[[ INPUT DATA, beginning ]]

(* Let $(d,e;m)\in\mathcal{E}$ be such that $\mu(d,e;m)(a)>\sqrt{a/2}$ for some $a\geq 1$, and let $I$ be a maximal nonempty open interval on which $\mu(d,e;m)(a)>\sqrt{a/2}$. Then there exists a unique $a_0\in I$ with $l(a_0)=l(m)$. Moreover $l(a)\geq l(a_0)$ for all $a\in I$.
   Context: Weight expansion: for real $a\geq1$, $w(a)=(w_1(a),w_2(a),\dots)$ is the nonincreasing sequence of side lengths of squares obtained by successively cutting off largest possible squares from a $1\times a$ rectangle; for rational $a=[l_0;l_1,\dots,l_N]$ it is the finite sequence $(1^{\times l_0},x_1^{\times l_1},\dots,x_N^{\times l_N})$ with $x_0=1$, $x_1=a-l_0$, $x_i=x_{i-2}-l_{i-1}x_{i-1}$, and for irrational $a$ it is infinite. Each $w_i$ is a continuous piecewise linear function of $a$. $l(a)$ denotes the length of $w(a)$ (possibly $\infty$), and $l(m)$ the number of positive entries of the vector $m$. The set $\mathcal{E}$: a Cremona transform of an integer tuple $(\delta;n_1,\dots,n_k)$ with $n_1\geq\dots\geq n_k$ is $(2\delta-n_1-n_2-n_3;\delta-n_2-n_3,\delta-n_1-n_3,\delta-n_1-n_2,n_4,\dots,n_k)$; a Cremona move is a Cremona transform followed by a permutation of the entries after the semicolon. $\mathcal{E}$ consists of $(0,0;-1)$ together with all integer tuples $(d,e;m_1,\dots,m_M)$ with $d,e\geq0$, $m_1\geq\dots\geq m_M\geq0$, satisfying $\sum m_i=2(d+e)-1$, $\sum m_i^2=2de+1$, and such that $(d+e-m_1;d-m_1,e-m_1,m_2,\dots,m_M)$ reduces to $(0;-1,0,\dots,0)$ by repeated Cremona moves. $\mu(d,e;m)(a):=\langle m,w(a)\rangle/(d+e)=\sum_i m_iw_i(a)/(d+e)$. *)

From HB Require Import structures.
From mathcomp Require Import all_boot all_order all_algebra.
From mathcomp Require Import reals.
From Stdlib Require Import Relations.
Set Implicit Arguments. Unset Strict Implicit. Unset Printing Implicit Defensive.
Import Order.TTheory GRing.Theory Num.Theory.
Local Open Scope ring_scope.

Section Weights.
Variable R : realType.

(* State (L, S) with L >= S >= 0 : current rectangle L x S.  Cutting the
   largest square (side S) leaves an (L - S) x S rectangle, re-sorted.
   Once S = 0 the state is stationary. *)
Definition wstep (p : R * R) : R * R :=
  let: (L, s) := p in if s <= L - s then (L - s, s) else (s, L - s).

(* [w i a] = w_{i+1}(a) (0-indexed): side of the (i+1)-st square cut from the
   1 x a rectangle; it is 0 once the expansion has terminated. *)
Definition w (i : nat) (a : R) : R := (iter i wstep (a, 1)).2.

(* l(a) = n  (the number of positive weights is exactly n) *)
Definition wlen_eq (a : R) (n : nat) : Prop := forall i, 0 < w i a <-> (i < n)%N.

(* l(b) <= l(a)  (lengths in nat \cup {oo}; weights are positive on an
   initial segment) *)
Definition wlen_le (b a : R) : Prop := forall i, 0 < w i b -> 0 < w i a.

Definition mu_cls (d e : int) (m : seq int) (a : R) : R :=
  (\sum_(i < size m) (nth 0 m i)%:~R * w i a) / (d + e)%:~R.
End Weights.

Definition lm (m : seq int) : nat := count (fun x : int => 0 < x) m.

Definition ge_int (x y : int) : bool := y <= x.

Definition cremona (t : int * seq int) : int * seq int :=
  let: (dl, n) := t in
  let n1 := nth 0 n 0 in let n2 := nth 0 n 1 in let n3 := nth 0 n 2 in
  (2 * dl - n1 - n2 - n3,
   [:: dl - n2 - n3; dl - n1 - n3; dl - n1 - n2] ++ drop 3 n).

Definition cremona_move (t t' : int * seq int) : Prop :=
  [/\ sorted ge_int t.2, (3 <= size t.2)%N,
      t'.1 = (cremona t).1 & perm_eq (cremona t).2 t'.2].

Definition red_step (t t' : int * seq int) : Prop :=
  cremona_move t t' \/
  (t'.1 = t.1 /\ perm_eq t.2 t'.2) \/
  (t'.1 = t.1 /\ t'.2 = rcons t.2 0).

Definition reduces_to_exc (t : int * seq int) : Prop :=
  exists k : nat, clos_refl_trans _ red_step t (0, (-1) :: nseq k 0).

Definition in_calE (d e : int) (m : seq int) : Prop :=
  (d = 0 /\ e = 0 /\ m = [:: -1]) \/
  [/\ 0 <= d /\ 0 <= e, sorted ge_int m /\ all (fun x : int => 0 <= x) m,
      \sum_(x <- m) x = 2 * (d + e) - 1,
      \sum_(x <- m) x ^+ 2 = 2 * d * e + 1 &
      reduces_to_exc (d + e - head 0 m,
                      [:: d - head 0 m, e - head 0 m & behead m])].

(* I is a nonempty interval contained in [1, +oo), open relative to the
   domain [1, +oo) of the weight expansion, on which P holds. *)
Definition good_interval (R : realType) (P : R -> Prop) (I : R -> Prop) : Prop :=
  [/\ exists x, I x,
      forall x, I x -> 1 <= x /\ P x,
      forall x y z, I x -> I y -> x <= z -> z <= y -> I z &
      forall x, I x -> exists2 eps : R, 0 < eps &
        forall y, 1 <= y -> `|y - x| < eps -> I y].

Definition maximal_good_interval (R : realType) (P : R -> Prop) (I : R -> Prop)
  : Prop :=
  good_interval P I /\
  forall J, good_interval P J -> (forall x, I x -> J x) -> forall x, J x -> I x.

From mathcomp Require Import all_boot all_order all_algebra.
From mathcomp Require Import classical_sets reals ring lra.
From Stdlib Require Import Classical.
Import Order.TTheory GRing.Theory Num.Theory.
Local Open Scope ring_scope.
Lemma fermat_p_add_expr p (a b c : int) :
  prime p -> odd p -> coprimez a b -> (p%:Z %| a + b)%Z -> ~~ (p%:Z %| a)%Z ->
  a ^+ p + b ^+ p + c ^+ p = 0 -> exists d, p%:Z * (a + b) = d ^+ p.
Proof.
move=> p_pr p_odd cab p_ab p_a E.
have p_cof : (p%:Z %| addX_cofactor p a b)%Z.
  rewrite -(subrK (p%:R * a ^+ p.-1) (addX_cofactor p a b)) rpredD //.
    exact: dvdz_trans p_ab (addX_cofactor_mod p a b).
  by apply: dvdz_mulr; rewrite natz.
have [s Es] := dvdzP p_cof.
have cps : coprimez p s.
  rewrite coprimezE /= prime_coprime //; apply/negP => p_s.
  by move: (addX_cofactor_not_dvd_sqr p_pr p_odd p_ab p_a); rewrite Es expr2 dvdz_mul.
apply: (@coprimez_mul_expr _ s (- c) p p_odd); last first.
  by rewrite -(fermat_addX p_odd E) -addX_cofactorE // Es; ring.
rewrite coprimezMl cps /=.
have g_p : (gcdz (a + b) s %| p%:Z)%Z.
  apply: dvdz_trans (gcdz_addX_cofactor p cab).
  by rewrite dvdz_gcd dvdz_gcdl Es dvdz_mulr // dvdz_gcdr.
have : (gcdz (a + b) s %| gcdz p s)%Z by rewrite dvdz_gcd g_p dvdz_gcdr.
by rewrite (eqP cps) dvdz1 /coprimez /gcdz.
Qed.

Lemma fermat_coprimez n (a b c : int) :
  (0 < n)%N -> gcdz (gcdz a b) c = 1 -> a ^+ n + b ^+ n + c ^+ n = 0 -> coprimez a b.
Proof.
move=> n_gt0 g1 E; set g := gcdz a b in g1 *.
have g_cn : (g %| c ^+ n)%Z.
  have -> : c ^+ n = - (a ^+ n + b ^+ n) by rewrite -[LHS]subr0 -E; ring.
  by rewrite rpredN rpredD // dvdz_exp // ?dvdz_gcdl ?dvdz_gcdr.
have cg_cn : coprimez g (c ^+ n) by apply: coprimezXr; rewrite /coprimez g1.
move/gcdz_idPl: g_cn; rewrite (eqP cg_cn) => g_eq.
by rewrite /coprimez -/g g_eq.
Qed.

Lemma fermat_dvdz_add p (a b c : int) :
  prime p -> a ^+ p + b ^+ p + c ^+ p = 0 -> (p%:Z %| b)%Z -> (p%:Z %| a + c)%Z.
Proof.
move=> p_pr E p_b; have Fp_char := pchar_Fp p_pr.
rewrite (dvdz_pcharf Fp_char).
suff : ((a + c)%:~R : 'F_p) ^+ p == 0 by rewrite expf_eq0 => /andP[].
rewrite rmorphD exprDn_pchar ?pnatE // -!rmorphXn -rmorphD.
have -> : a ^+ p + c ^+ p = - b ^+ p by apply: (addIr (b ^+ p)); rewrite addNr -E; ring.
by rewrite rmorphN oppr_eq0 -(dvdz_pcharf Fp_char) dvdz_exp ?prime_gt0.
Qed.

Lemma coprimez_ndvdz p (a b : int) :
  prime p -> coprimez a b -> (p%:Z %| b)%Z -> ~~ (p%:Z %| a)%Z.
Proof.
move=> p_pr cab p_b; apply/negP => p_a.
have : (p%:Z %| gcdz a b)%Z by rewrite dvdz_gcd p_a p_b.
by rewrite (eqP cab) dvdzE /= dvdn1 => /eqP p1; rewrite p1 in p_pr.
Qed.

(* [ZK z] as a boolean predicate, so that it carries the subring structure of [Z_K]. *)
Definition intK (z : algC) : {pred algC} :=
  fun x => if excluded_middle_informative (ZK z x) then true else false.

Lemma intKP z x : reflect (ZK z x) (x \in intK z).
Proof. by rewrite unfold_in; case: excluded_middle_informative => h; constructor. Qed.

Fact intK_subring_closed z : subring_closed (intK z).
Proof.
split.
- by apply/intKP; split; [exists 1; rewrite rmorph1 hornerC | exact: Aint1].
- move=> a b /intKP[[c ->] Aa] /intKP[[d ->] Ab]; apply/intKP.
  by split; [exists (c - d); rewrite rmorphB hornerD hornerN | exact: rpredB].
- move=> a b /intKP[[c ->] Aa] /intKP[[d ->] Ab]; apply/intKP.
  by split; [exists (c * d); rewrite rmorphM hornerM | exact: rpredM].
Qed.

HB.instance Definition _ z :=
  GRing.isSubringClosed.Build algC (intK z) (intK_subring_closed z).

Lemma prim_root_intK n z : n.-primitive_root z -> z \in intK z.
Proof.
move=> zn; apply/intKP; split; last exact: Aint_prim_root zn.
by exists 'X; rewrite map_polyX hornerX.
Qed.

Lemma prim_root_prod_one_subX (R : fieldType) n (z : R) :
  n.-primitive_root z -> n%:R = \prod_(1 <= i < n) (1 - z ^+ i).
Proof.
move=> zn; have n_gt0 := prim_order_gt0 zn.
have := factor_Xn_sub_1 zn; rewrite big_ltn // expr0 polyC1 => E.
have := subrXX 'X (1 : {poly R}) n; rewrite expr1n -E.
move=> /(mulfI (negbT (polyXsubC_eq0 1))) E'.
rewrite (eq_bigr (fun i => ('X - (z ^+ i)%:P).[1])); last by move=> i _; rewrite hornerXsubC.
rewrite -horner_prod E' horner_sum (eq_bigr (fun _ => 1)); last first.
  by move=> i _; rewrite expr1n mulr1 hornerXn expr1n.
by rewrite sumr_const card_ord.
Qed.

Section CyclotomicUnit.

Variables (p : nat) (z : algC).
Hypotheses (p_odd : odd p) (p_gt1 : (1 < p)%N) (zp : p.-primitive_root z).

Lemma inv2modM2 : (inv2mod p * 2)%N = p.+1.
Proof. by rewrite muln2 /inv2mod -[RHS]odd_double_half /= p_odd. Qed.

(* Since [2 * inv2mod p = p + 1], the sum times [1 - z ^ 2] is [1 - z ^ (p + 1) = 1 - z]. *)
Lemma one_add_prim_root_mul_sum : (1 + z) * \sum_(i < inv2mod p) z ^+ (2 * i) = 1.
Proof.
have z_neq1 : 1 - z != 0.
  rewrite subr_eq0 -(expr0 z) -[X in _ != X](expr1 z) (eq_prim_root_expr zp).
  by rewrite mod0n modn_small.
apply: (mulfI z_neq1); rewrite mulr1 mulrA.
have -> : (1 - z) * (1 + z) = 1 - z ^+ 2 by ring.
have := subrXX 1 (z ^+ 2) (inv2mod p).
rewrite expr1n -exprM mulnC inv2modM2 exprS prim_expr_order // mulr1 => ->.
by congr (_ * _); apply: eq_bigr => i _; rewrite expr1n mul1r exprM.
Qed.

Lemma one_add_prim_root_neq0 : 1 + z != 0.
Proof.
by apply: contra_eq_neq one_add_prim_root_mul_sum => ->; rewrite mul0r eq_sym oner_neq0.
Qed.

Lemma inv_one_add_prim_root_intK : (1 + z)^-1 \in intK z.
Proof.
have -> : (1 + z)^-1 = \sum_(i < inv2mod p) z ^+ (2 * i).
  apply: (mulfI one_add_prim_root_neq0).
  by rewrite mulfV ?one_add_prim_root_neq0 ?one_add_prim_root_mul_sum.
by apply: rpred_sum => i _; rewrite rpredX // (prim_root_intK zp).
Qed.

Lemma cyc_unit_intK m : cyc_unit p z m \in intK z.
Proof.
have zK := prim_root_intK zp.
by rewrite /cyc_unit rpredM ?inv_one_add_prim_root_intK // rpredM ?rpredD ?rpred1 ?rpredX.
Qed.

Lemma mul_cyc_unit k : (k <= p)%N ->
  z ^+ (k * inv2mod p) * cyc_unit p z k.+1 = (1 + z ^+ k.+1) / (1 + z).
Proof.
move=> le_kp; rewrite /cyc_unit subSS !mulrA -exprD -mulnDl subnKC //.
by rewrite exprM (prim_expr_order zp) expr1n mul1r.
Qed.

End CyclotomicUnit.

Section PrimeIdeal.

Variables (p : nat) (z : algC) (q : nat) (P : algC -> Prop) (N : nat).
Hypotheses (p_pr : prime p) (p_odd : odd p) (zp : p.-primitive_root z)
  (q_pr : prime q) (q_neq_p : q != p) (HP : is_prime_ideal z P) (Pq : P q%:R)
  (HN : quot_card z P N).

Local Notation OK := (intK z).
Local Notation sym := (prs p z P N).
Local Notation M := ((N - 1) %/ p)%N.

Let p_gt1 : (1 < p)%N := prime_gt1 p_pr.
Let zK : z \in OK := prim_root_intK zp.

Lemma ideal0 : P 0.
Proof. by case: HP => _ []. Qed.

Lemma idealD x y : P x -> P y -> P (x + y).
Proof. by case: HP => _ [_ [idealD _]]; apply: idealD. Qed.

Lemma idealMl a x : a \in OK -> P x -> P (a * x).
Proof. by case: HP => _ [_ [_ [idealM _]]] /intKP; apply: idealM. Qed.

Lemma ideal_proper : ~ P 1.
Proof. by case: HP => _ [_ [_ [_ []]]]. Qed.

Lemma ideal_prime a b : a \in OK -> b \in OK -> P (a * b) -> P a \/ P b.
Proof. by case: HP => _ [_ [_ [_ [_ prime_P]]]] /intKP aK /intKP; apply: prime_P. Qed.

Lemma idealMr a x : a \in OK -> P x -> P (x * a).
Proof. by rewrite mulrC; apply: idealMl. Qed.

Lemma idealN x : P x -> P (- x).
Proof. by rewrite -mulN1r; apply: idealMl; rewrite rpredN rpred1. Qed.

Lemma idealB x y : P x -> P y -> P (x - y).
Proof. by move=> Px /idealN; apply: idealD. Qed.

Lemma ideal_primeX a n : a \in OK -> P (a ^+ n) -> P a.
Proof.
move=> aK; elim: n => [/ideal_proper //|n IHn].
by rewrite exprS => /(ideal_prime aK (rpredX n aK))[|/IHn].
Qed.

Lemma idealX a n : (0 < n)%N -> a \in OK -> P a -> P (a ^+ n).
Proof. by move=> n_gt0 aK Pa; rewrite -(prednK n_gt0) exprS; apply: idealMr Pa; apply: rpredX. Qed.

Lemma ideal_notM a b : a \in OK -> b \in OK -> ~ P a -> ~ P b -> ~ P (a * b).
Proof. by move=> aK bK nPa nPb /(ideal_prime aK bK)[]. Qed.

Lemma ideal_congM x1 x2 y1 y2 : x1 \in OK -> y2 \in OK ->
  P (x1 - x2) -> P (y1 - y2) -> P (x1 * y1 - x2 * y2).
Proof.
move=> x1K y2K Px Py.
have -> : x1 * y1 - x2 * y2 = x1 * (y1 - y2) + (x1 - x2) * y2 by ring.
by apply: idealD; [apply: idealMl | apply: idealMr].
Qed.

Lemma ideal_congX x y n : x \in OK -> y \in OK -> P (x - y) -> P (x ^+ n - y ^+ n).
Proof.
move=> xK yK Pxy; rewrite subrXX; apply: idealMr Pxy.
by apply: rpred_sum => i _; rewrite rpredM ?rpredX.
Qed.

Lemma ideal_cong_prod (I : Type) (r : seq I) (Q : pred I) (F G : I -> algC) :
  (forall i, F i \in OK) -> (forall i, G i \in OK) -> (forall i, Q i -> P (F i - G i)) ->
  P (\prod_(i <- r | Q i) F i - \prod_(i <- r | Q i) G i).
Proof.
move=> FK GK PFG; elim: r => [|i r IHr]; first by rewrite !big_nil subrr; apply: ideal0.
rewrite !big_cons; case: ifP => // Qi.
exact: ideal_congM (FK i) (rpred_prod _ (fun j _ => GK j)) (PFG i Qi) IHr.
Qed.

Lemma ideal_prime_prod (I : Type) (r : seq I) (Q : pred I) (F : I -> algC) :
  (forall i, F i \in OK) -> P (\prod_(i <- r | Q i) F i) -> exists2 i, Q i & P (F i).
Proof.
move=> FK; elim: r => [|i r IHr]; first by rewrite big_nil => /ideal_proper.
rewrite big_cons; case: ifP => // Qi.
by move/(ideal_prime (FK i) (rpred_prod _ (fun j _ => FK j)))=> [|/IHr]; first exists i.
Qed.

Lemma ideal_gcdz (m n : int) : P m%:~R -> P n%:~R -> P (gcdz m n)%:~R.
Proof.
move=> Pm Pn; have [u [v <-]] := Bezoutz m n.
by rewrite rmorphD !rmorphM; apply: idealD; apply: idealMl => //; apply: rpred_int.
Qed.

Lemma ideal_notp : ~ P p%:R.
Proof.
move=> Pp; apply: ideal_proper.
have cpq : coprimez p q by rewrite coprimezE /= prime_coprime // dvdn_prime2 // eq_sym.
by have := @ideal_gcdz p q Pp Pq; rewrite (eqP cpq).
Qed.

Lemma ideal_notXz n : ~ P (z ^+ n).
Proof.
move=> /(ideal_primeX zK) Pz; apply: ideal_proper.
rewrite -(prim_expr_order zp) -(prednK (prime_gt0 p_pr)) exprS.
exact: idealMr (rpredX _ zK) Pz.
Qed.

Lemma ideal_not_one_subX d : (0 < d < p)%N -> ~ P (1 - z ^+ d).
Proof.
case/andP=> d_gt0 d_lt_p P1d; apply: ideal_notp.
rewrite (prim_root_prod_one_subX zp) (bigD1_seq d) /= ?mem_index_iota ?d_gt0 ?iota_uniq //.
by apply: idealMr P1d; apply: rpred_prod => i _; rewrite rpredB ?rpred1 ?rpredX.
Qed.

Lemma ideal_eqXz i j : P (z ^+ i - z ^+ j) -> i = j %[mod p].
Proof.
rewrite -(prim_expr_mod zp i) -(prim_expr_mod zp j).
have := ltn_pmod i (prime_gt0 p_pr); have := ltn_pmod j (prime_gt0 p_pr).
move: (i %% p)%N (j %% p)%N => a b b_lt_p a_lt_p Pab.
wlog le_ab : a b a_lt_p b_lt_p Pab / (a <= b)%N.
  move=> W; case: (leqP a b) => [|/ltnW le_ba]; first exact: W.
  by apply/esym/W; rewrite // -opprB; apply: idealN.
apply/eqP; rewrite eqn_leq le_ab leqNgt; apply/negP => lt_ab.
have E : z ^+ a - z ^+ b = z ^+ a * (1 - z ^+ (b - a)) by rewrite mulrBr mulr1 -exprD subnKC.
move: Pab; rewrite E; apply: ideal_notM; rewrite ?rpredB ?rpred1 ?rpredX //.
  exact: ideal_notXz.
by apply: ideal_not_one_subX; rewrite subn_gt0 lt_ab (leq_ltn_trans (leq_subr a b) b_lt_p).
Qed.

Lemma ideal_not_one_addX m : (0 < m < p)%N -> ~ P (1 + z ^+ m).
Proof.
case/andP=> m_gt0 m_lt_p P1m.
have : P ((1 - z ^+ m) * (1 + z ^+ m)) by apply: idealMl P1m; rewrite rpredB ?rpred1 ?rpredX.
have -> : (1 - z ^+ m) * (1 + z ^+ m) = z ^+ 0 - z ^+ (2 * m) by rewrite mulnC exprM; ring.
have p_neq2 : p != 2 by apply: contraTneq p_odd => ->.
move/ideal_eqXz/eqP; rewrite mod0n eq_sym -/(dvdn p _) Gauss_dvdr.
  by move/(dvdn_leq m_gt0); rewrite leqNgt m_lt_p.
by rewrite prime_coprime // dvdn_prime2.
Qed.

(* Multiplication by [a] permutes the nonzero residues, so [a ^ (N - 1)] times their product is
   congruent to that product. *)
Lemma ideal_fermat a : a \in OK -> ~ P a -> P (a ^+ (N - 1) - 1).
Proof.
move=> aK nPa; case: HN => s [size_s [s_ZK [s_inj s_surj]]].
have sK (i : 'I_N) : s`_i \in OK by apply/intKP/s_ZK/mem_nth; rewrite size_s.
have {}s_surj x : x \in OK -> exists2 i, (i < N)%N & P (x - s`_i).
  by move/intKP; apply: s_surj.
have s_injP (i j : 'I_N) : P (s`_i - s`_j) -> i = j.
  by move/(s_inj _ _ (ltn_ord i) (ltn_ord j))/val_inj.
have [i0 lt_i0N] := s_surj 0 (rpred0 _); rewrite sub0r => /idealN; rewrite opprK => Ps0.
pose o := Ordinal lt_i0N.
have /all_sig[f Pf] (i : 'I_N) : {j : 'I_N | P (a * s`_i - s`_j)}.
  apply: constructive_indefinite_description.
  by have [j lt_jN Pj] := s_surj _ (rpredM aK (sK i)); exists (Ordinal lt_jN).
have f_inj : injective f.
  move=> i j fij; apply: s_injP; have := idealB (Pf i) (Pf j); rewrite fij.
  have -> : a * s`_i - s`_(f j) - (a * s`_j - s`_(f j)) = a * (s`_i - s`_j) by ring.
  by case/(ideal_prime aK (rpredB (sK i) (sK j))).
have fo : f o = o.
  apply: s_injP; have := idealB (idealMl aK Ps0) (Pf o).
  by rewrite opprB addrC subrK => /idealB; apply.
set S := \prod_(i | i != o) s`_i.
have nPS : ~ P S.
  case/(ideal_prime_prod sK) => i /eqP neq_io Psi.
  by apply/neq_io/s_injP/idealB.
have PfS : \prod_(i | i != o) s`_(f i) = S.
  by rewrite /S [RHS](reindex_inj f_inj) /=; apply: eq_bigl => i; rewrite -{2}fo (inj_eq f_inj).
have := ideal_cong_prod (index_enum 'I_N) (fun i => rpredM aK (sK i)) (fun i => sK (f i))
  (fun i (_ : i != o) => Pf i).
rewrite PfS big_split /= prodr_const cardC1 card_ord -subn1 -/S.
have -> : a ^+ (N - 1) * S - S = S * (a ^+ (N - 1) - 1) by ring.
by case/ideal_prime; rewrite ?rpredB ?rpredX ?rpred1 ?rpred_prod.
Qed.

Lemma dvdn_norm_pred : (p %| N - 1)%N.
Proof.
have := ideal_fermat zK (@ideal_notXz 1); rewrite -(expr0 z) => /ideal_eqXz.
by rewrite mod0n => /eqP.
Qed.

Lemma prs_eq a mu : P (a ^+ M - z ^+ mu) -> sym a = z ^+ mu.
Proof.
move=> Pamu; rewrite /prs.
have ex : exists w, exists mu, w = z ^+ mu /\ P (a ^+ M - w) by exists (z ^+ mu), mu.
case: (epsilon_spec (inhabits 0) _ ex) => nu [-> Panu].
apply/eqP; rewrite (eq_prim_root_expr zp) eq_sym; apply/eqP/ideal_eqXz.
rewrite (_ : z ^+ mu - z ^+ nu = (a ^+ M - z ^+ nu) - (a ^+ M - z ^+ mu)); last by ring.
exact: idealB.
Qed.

[[ INPUT DATA, end ]]

§ **AIM OF THE EXERCISE**
From the entries above, extract only the lines running from the one containing "by move: (addX_cofactor_not_dvd_sqr" through the one containing "rewrite coprimezMl cps /=.", inclusive.

§ **EXERCISE OUTPUT**
  by move: (addX_cofactor_not_dvd_sqr p_pr p_odd p_ab p_a); rewrite Es expr2 dvdz_mul.
apply: (@coprimez_mul_expr _ s (- c) p p_odd); last first.
  by rewrite -(fermat_addX p_odd E) -addX_cofactorE // Es; ring.
rewrite coprimezMl cps /=.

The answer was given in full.